Мы готовы разделить и негодование Мнячко, и гнев Мейера и обращаем внимание лишь на крайность их чувств — это при предыдущей долгой и угодливой терпимости к коммунизму. Ведь накал их чувств — это тоже сторона еврейского вопроса в XX веке.

И как же бы это — его «не было»?

Да кто в 50-80-е годы XX века слушал американское радиовещание для СССР, то могло показаться, что другого такого важного вопроса, как еврейский, в нашей стране не существовало. (В то же время внутри Соединённых Штатов, где евреев «очень можно охарактеризовать как... самое привилегированное меньшинство» и где они «достигли беспрецедентных позиций, большинство [американских евреев] всё равно находят ненависть и дискриминацию со стороны христианских сограждан мрачным фактом современной жизни»3; но утверждать это вслух — не звучало бы правдоподобно, и поэтому еврейского вопроса нет, и замечать его и говорить о нём — не положено и неприлично.)
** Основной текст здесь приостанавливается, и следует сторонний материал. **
(* Let $X$ be a Banach space and let $q\geq2$. The following are equivalent: (i) $\mathcal F(X)$ has Rademacher cotype (resp. cotype $q$); (ii) $\mathcal F(K)$ has Rademacher cotype (resp. cotype $q$) for every compact set $K\subset X$; (ii') $\mathcal F(K)$ has Rademacher cotype (resp. cotype $q$) for every countable compact set $K\subset X$; (iii) $\mathcal F(\{x_n\}_n)$ has Rademacher cotype (resp. cotype $q$) for every null sequence $(x_n)_n\subset X$.
   Context: For a pointed metric space $M$ (the choice of base point does not affect the isomorphism class), $\mathrm{Lip}_0(M)$ is the Banach space of real Lipschitz functions vanishing at the base point normed by the Lipschitz constant, and $\mathcal F(M)=\overline{\mathrm{span}}\{\delta(x):x\in M\}\subset\mathrm{Lip}_0(M)^*$, $\delta(x)$ being evaluation at $x$. A Banach space has Rademacher cotype if it has cotype $q$ for some $q<\infty$. A null sequence is a sequence converging to $0$ in norm; $\{x_n\}_n$ denotes its set of terms with the metric from $X$. *)

From HB Require Import structures.
From mathcomp Require Import all_boot all_order all_algebra.
From mathcomp Require Import all_classical all_reals all_analysis.
Set Implicit Arguments. Unset Strict Implicit. Unset Printing Implicit Defensive.
Import Order.TTheory GRing.Theory Num.Theory.
Import numFieldNormedType.Exports.
Local Open Scope classical_set_scope.
Local Open Scope ring_scope.

(* Lip_0(S) is modeled by functions f : X -> R (only the values on S matter)
   with f p = 0 and Lipschitz on S.  Elements of F(S) are modeled as
   (restrictions to the unit ball of Lip_0(S) of) functionals
   phi : (X -> R) -> R which are uniform limits on that ball of finite
   linear combinations of evaluations delta(y), y in S. *)

Section Free.
Context {R : realType} {X : normedModType R}.

Definition lip1_0 (S : set X) (p : X) (f : X -> R) : Prop :=
  f p = 0 /\ forall x y, S x -> S y -> `|f x - f y| <= `|x - y|.

Definition in_free (S : set X) (p : X) (phi : (X -> R) -> R) : Prop :=
  forall e : R, 0 < e ->
    exists n (a : 'I_n -> R) (y : 'I_n -> X),
      (forall i, S (y i)) /\
      forall f, lip1_0 S p f -> `|phi f - \sum_(i < n) a i * f (y i)| <= e.

Definition free_norm (S : set X) (p : X) (phi : (X -> R) -> R) : R :=
  sup [set r | exists f, lip1_0 S p f /\ r = `|phi f|].

Definition sgn (b : bool) : R := if b then 1 else -1.

Definition free_cotype (q : R) (S : set X) (p : X) : Prop :=
  exists C : R, 0 < C /\
    forall n (phi : 'I_n -> (X -> R) -> R), (forall i, in_free S p (phi i)) ->
      (\sum_(i < n) free_norm S p (phi i) `^ q) `^ q^-1 <=
      C * Num.sqrt ((\sum_(e : {ffun 'I_n -> bool})
                       free_norm S p (fun f => \sum_(i < n) sgn (e i) * phi i f) ^+ 2)
                    / 2 ^+ n).

Definition free_rad_cotype (S : set X) (p : X) : Prop :=
  exists q : R, 2 <= q /\ free_cotype q S p.

End Free.

From HB Require Import structures.
From mathcomp Require Import all_boot all_order all_algebra.
From mathcomp Require Import all_classical all_reals all_analysis.
From mathcomp Require Import ring lra zify.
Import Order.TTheory GRing.Theory Num.Theory.
Import numFieldNormedType.Exports.
Local Open Scope classical_set_scope.
Local Open Scope ring_scope.

Set Implicit Arguments. Unset Strict Implicit. Unset Printing Implicit Defensive.

(* Restricting and re-basing Lipschitz functions, together with McShane's extension,
   makes [F(T)] an isometric subspace of [F(S)] for [T ⊆ S], so cotype passes to
   subsets; the range of a null sequence, with [0] added, is countable and compact.
   Conversely, if [F(X)] fails cotype [q], then for every [k] some finitely supported
   family in [F(X)] violates the cotype inequality with constant [k].  Dilating it by
   a small [t > 0], which is an isometry of free spaces, brings its support within
   [1 / (k + 1)] of the origin, and enumerating all these supports yields a single
   null sequence whose free space fails cotype [q].  For Rademacher cotype, stage [k]
   uses the exponent [k + 2]. *)

Section LqNorm.
Context {R : realType}.

Lemma powR_invK (x q : R) : 0 <= x -> 0 < q -> (x `^ q) `^ q^-1 = x.
Proof. by move=> x0 q0; rewrite -powRrM mulfV ?gt_eqF // powRr1. Qed.

Lemma sqr_le_2sqrD (u v c : R) : 0 <= v -> v <= u + c ->
  v ^+ 2 <= 2 * u ^+ 2 + 2 * c ^+ 2.
Proof.
move=> v0 vuc.
have h1 : 0 <= (u + c - v) * (u + c + v) by apply: mulr_ge0; lra.
have h2 : 0 <= (u - c) ^+ 2 by apply: sqr_ge0.
nra.
Qed.

Lemma half_le_of_leD (a a' d : R) : 0 <= a' -> a <= a' + d ->
  (0 < a -> d <= a / 2) -> a / 2 <= a'.
Proof.
move=> a'0 close hd; have [a0|a_le0] := ltP 0 a; last lra.
by have := hd a0; lra.
Qed.

Variable n : nat.
Implicit Types (a : 'I_n -> R) (b : {ffun 'I_n -> bool} -> R).

Definition lq_norm (q : R) a := (\sum_(i < n) a i `^ q) `^ q^-1.

Definition rad_mean b := Num.sqrt ((\sum_e b e ^+ 2) / 2 ^+ n).

Lemma lq_norm_ge0 q a : 0 <= lq_norm q a.
Proof. exact: powR_ge0. Qed.

Lemma lq_norm_half q a a' : 0 < q -> (forall i, 0 <= a i) ->
  (forall i, a i / 2 <= a' i) -> lq_norm q a / 2 <= lq_norm q a'.
Proof.
move=> q0 a0 aa'.
have h : 2^-1 `^ q * \sum_(i < n) a i `^ q <= \sum_(i < n) a' i `^ q.
  rewrite mulr_sumr; apply: ler_sum => i _.
  rewrite mulrC -powRM //; apply: ge0_ler_powR; rewrite ?nnegrE ?(ltW q0) //.
  - exact: mulr_ge0.
  - by apply: le_trans (aa' i); exact: mulr_ge0.
have S0 : 0 <= \sum_(i < n) a i `^ q by apply: sumr_ge0 => i _; exact: powR_ge0.
apply: le_trans (ge0_ler_powR _ _ _ h); rewrite ?nnegrE.
- by rewrite powRM ?powR_ge0 // powR_invK // mulrC.
- by rewrite invr_ge0 ltW.
- by apply: mulr_ge0 => //; exact: powR_ge0.
- by apply: sumr_ge0 => i _; exact: powR_ge0.
Qed.

Lemma lq_norm_ge_coord q a i : 0 < q -> (forall j, 0 <= a j) -> a i <= lq_norm q a.
Proof.
move=> q0 a0; rewrite -(powR_invK (a0 i) q0) /lq_norm.
apply: ge0_ler_powR; rewrite ?nnegrE ?powR_ge0 ?invr_ge0 ?(ltW q0) //.
  by apply: sumr_ge0 => j _; exact: powR_ge0.
by rewrite (bigD1 i) //= lerDl; apply: sumr_ge0 => j _; exact: powR_ge0.
Qed.

Lemma lq_norm_antitone q q' a : 0 < q -> q <= q' -> (forall i, 0 <= a i) ->
  lq_norm q' a <= lq_norm q a.
Proof.
move=> q0 qq' a0; have q'0 : 0 < q' by apply: lt_le_trans qq'.
set S := lq_norm q a.
have aS i : a i <= S := lq_norm_ge_coord i q0 a0.
have [S00|Spos] := eqVneq S 0.
  have a00 i : a i = 0 by apply/eqP; rewrite eq_le a0 andbT -S00 aS.
  rewrite /lq_norm big1 ?powR0 ?S00 ?invr_eq0 ?gt_eqF //.
  by move=> i _; rewrite a00 powR0 // gt_eqF.
have Sq : \sum_(i < n) a i `^ q = S `^ q.
  by rewrite /S /lq_norm powRAC powR_invK //; apply: sumr_ge0 => i _; exact: powR_ge0.
(* [a i ^ q' = a i ^ (q' - q) * a i ^ q <= S ^ (q' - q) * a i ^ q]; sum over [i]. *)
have h : \sum_(i < n) a i `^ q' <= S `^ q'.
  have powR_split x : x != 0 -> x `^ q' = x `^ (q' - q) * x `^ q.
    by move=> x0; rewrite -powRD ?subrK // x0 implybT.
  rewrite powR_split // -Sq mulr_sumr; apply: ler_sum => i _.
  have [->|ai0] := eqVneq (a i) 0; first by rewrite !powR0 ?gt_eqF // mulr0.
  rewrite powR_split // mulrC [X in _ <= X]mulrC.
  apply: ler_wpM2l; first exact: powR_ge0.
  by apply: ge0_ler_powR; rewrite ?nnegrE ?subr_ge0 ?a0 ?aS ?lq_norm_ge0.
apply: le_trans (ge0_ler_powR _ _ _ h) _; rewrite ?nnegrE ?powR_ge0 ?invr_ge0 ?(ltW q'0) //.
  by apply: sumr_ge0 => i _; exact: powR_ge0.
by rewrite powR_invK ?lq_norm_ge0.
Qed.

Lemma rad_mean_ge0 b : 0 <= rad_mean b.
Proof. exact: sqrtr_ge0. Qed.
Надо нам привыкнуть говорить о еврейском вопросе не приглушённо и пугливо, но отчётливо, ясно, обоснованно. Не кипя страстями — но сочувственно вникая как в необычную и нелёгкую еврейскую всемирно-историческую судьбу, так и в наши русские века, исполненные тоже немалых страданий. Тогда рассеются взаимные предубеждения, иногда совсем дикие, и внесётся спокойная здравость.
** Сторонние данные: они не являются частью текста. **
(* Let $G$ be a graph with no induced $P_7$, $C_4$, $C_6$ or $C_7$, let $H=(B_1,\dots,B_5)$ be a maximal nice blowup of $C_5$ in $G$, and let $i\in\{1,\dots,5\}$. If $xy$ is an edge with $x,y\in A_3(i)$, then $N_{B_i}(x)=N_{B_i}(y)$.
   Context: Indices modulo $5$. A nice blowup of $C_5$ is a tuple $(B_1,\dots,B_5)$ of pairwise disjoint cliques such that every vertex of $B_j$ has a neighbor in $B_{j-1}$ and in $B_{j+1}$, $B_j$ is anticomplete to $B_{j+2}$, and there are no $a\in B_j$, distinct $b,c\in B_{j+1}$, $d\in B_{j+2}$ with $G[\{a,b,c,d\}]\cong P_4$; $V(H)=\bigcup B_j$; maximal means no nice blowup has vertex set strictly containing $V(H)$. For $v\notin V(H)$, $\operatorname{supp}(v)$ is the set of $j$ such that $v$ has a neighbor in $B_j$; $A_3(i)=\{v\notin V(H):\operatorname{supp}(v)=\{i-1,i,i+1\}\}$; $N_S(v)$ is the set of neighbors of $v$ in $S$. *)

From mathcomp Require Import all_boot.
Set Implicit Arguments. Unset Strict Implicit. Unset Printing Implicit Defensive.

Definition simple_graph (T : finType) (adj : rel T) : Prop :=
  symmetric adj /\ irreflexive adj.

Definition induced_path (T : finType) (adj : rel T) (s : seq T) : Prop :=
  uniq s /\ forall (x0 : T) i j, i < size s -> j < size s ->
    adj (nth x0 s i) (nth x0 s j) = (i.+1 == j) || (j.+1 == i).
Работая над этой книгой, убеждаешься, что еврейский вопрос не только всегда и всюду в мировой истории присутствовал — но он никогда не был частно-национальным, как другие национальные вопросы, а — благодаря ли иудейской вере? — всегда вплетался в нечто самое общее.

 


 

В конце 60-х годов, когда я проверял своё ощущение, что коммунистический режим — ведь обречён же? обречён! — меня значительно поддерживало то наблюдение, что вот — и столькие евреи отшатнулись от него.
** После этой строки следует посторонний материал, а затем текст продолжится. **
(* With K = 1 + s^2 and D = (t - s)^2 we get 4 D < d^2 K (1 + t^2) <= d^2 K (2 K + 2 D), and
   d^2 K <= 1 absorbs the D on the right, leaving D < (d K)^2. *)
Lemma chord_sq_pt_pt_lt s t d : 0 < d -> d * (1 + s ^ 2) <= 1 ->
  chord_sq (pt s) (pt t) < d ^ 2 -> Rabs (t - s) < d * (1 + s ^ 2).
Proof.
  intros Hd HdK Hc. pose proof (chord_sq_pt_pt s t) as E.
  set (K := 1 + s ^ 2) in *. set (D := (s - t) ^ 2) in E.
  assert (HK : 1 <= K) by (unfold K; pose proof (pow2_ge_0 s); lra).
  pose proof (one_plus_sq_pos t).
  assert (HD4 : 4 * D < d ^ 2 * (K * (1 + t ^ 2))).
  { rewrite <- E. apply Rmult_lt_compat_r; [nra|exact Hc]. }
  assert (Ht : 1 + t ^ 2 <= 2 * K + 2 * D) by (unfold K, D; pose proof (pow2_ge_0 (2 * s - t)); nra).
  assert (HD0 : 0 <= D) by apply pow2_ge_0.
  assert (ED : D = (t - s) * (t - s)) by (unfold D; ring).
  clearbody K D.
  assert (Hd1 : d <= 1) by nra.
  assert (Hd2 : d ^ 2 * K <= 1) by (replace (d ^ 2 * K) with (d * (d * K)) by ring; nra).
  assert (d ^ 2 * (K * (1 + t ^ 2)) <= d ^ 2 * K * (2 * K + 2 * D)).
  { rewrite <- Rmult_assoc. apply Rmult_le_compat_l; [nra|exact Ht]. }
  assert (d ^ 2 * K * D <= D) by nra.
  rewrite <- (Rabs_right (d * K)) by nra.
  apply Rsqr_lt_abs_0. unfold Rsqr. nra.
Qed.

Lemma chord_sq_pole_pt_lt t r : chord_sq pole (pt t) < r ^ 2 <-> 4 < r ^ 2 * (1 + t ^ 2).
Proof.
  rewrite <- (chord_sq_pole_pt t). pose proof (one_plus_sq_pos t).
  split; intros H'; [apply Rmult_lt_compat_r|apply (Rmult_lt_reg_r (1 + t ^ 2))]; assumption.
Qed.

Lemma lift_continuous_at_pole F : R_proper F -> forall eps, 0 < eps ->
  exists delta, 0 < delta /\ forall Q, S1dist pole Q < delta -> S1dist (lift F pole) (lift F Q) < eps.
Proof.
  intros HF eps Heps. destruct (HF (2 / eps)) as [N HN].
  set (A := Rabs N + 1). assert (HA : 1 <= A) by (unfold A; pose proof (Rabs_pos N); lra).
  exists (1 / A). split; [apply Rdiv_lt_0_compat; lra|].
  intros Q HQ. rewrite lift_pole. apply S1dist_lt; [exact Heps|].
  destruct (S1_cases Q) as [->|[t ->]]; [rewrite lift_pole, chord_sq_refl; nra|].
  rewrite lift_pt. apply chord_sq_pole_pt_lt.
  apply S1dist_lt, chord_sq_pole_pt_lt in HQ; [|apply Rdiv_lt_0_compat; lra].
  assert (Ht : A < Rabs t).
  { assert (E : (1 / A) ^ 2 * A ^ 2 = 1) by (field; lra).
    assert (4 * A ^ 2 < 1 + t ^ 2) by nra.
    rewrite <- (Rabs_right A) by lra. apply Rsqr_lt_abs_0. unfold Rsqr. nra. }
  assert (HFt : 2 / eps < Rabs (F t)).
  { apply HN. unfold A in Ht. pose proof (Rle_abs N). lra. }
  assert (E : 2 / eps * eps = 2) by (field; lra).
  assert (2 < eps * Rabs (F t)) by nra.
  rewrite <- (pow2_abs (F t)). nra.
Qed.

Lemma lift_continuous_at_pt F s : R_continuous F -> forall eps, 0 < eps ->
  exists delta, 0 < delta /\
    forall Q, S1dist (pt s) Q < delta -> S1dist (lift F (pt s)) (lift F Q) < eps.
Proof.
  intros HF eps Heps. destruct (HF s (eps / 2)) as [dl [Hdl Hcont]]; [lra|].
  set (K := 1 + s ^ 2). assert (HK : 1 <= K) by (unfold K; pose proof (pow2_ge_0 s); lra).
  set (delta := Rmin 1 dl / K).
  assert (HdK : delta * K = Rmin 1 dl) by (unfold delta; field; lra).
  assert (Hmin : 0 < Rmin 1 dl) by (apply Rmin_glb_lt; lra).
  pose proof (Rmin_l 1 dl). pose proof (Rmin_r 1 dl).
  assert (Hdelta : 0 < delta) by (unfold delta; apply Rdiv_lt_0_compat; lra).
  exists delta. split; [exact Hdelta|]. intros Q HQ.
  rewrite lift_pt. apply S1dist_lt in HQ; [|exact Hdelta]. apply S1dist_lt; [exact Heps|].
  destruct (S1_cases Q) as [->|[t ->]].
  - exfalso. rewrite chord_sq_sym, chord_sq_pole_pt_lt in HQ. fold K in HQ.
    assert (delta <= 1) by nra. nra.
  - rewrite lift_pt.
    assert (Hts : Rabs (t - s) < dl) by
      (apply (chord_sq_pt_pt_lt s t delta) in HQ; [fold K in HQ; lra|exact Hdelta|fold K; lra]).
    specialize (Hcont t Hts). rewrite Rabs_minus_sym in Hcont.
    pose proof (chord_sq_pt_pt_le (F s) (F t)) as Hle.
    rewrite <- (pow2_abs (F s - F t)) in Hle.
    pose proof (Rabs_pos (F s - F t)).
    assert (Rabs (F s - F t) * Rabs (F s - F t) < eps / 2 * (eps / 2))
      by (apply Rmult_le_0_lt_compat; assumption).
    nra.
Qed.

Lemma lift_continuous F : R_continuous F -> R_proper F -> S1_continuous (lift F).
Proof.
  intros Hc Hp P. destruct (S1_cases P) as [->|[s ->]].
  - exact (lift_continuous_at_pole F Hp).
  - exact (lift_continuous_at_pt F s Hc).
Qed.

Definition same_sign (a b : R) : Prop := (a = 0 /\ b = 0) \/ 0 < a * b.

Lemma same_sign_pos a b : same_sign a b -> (0 < a <-> 0 < b).
Proof. intros [[-> ->]|H]; [tauto|split; intros; nra]. Qed.

Lemma same_sign_mul a a' b b' : same_sign a a' -> same_sign b b' -> same_sign (a * b) (a' * b').
Proof.
  intros [[-> ->]|Ha] [[-> ->]|Hb]; [left; split; ring..|].
  right. replace (a * b * (a' * b')) with ((a * a') * (b * b')) by ring. nra.
Qed.

Lemma same_sign_pos_pos a b : 0 < a -> 0 < b -> same_sign a b.
Proof. intros. right. nra. Qed.

Lemma same_sign_increasing F u v : strictly_increasing F -> same_sign (v - u) (F v - F u).
Proof.
  intros HF. destruct (Rtotal_order u v) as [H|[<-|H]].
  - pose proof (HF _ _ H). right. nra.
  - left. split; ring.
  - pose proof (HF _ _ H). right. nra.
Qed.

Lemma orient_rot a b c : orient a b c = orient b c a.
Proof. unfold orient. ring. Qed.

Lemma orient_aac a c : orient a a c = 0.
Proof. unfold orient. ring. Qed.

Lemma orient_aba a b : orient a b a = 0.
Proof. unfold orient. ring. Qed.

Lemma orient_abb a b : orient a b b = 0.
Proof. unfold orient. ring. Qed.

Lemma orient_pole_pt u v :
  orient pole (pt u) (pt v) = (v - u) * (4 / ((1 + u ^ 2) * (1 + v ^ 2))).
Proof.
  unfold orient. cbn [pole pt proj1_sig fst snd].
  pose proof (one_plus_sq_pos u). pose proof (one_plus_sq_pos v). field. lra.
Qed.

Lemma orient_pt u v w : orient (pt u) (pt v) (pt w) =
  (v - u) * (w - v) * (w - u) * (4 / ((1 + u ^ 2) * (1 + v ^ 2) * (1 + w ^ 2))).
Proof.
  unfold orient. cbn [pt proj1_sig fst snd].
  pose proof (one_plus_sq_pos u). pose proof (one_plus_sq_pos v). pose proof (one_plus_sq_pos w).
  field. lra.
Qed.

Lemma lift_orient_pole F u v : strictly_increasing F ->
  same_sign (orient pole (pt u) (pt v)) (orient pole (lift F (pt u)) (lift F (pt v))).
Proof.
  intros HF. rewrite !lift_pt, !orient_pole_pt.
  apply same_sign_mul; [apply same_sign_increasing, HF|].
  pose proof (one_plus_sq_pos u). pose proof (one_plus_sq_pos v).
  pose proof (one_plus_sq_pos (F u)). pose proof (one_plus_sq_pos (F v)).
  apply same_sign_pos_pos; apply Rdiv_lt_0_compat; nra.
Qed.

Lemma lift_orient F a b c : strictly_increasing F ->
  same_sign (orient a b c) (orient (lift F a) (lift F b) (lift F c)).
Proof.
  intros HF.
  destruct (S1_cases a) as [->|[u ->]], (S1_cases b) as [->|[v ->]], (S1_cases c) as [->|[w ->]];
    rewrite ?lift_pole;
    try (rewrite ?orient_aac, ?orient_aba, ?orient_abb; left; split; reflexivity).
  - apply lift_orient_pole, HF.
  - rewrite (orient_rot (pt u)), (orient_rot (lift F (pt u))). apply lift_orient_pole, HF.
  - rewrite <- (orient_rot pole (pt u)), <- (orient_rot pole (lift F (pt u))).
    apply lift_orient_pole, HF.
  - rewrite !lift_pt, !orient_pt.
    apply same_sign_mul; [repeat apply same_sign_mul; apply same_sign_increasing, HF|].
    pose proof (one_plus_sq_pos u). pose proof (one_plus_sq_pos v). pose proof (one_plus_sq_pos w).
    pose proof (one_plus_sq_pos (F u)). pose proof (one_plus_sq_pos (F v)).
    pose proof (one_plus_sq_pos (F w)).
    apply same_sign_pos_pos; apply Rdiv_lt_0_compat; nra.
Qed.

Definition homeo_of_increasing (F G : R -> R) (HF : strictly_increasing F)
  (HGF : forall t, G (F t) = t) (HFG : forall t, F (G t) = t) : HomeoPlus := {|
  hp_fun := lift F;
  hp_inv := lift G;
  hp_inv_l := lift_inverse F G HGF;
  hp_inv_r := lift_inverse G F HFG;
  hp_cont := lift_continuous F (increasing_surj_continuous F G HF HFG)
                               (increasing_surj_proper F G HF HFG);
  hp_inv_cont := lift_continuous G (increasing_surj_continuous G F (increasing_inverse F G HF HFG) HGF)
                                   (increasing_surj_proper G F (increasing_inverse F G HF HFG) HGF);
  hp_orient := fun a b c => same_sign_pos _ _ (lift_orient F a b c HF) |}.

Definition eqdec {T : Type} (x y : T) : {x = y} + {x <> y} := excluded_middle_informative (x = y).

Section CutOrder.
Context {Q : Type} {op : Q -> Q -> Q} {c : Q -> Q -> Q -> Z} (hc : circular_order op c).
Local Open Scope Z_scope.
Когда-то — они лились дружно и настойчиво поддержать советский режим, — и будущее было несомненно за ним. Но вот — евреи стали откладываться от него, сперва мыслящие, а потом и массой, — и не значит ли, что его годы сочтены? Признак.

Когда ж именно это случилось, что евреи из надёжной подпоры этому режиму перекинулись едва ли не в главное противотечение?

Сказать бы, что евреи — и всегда за свободу? Нет. Мы видели слишком многих из них трубачами нашего фанатизма. — Но вот — они отложились. И без них — ещё и сам старея — большевицкий фанатизм не только потерял в горячности, но даже и перестал быть фанатизмом, он по-русски оленивел, обрежневел.

Коммунистическая власть после советско-германской войны не оправдала надежд евреев: оказалось им жить при ней хуже, чем прежде. Мы видели главные ступени этого разрыва. — Поддержка Советским Союзом новорождаемого Израиля вдохновила советских евреев. — Травля «космополитов» — коммунизм стал отстранять евреев? стал теснить их? — сильно встревожила, но больше еврейскую интеллигенцию, ещё не обывательскую массу. — Страшная угроза сталинской расправы тряхнула крепчайше — но она была кратковременна, и вскоре чудесным образом разрядилась. — В годы семибоярщины и потом в хрущёвские — еврейские надежды сменялись разочарованием, и что-то затягивался путь к прочному улучшению.

И вот — грянула Шестидневная война, с библейской силой сотрясшая и мировое еврейство, и советское. И стало — лавиной возрождаться еврейское национальное сознание. После Шестидневной войны «многое изменилось… был дан импульс к действию. Пошли письма и петиции в советские и международные органы. Национальная жизнь оживилась: в праздники стало трудно пробиться в синагогу, появились нелегальные кружки по изучению еврейской истории, культуры, иврита»4.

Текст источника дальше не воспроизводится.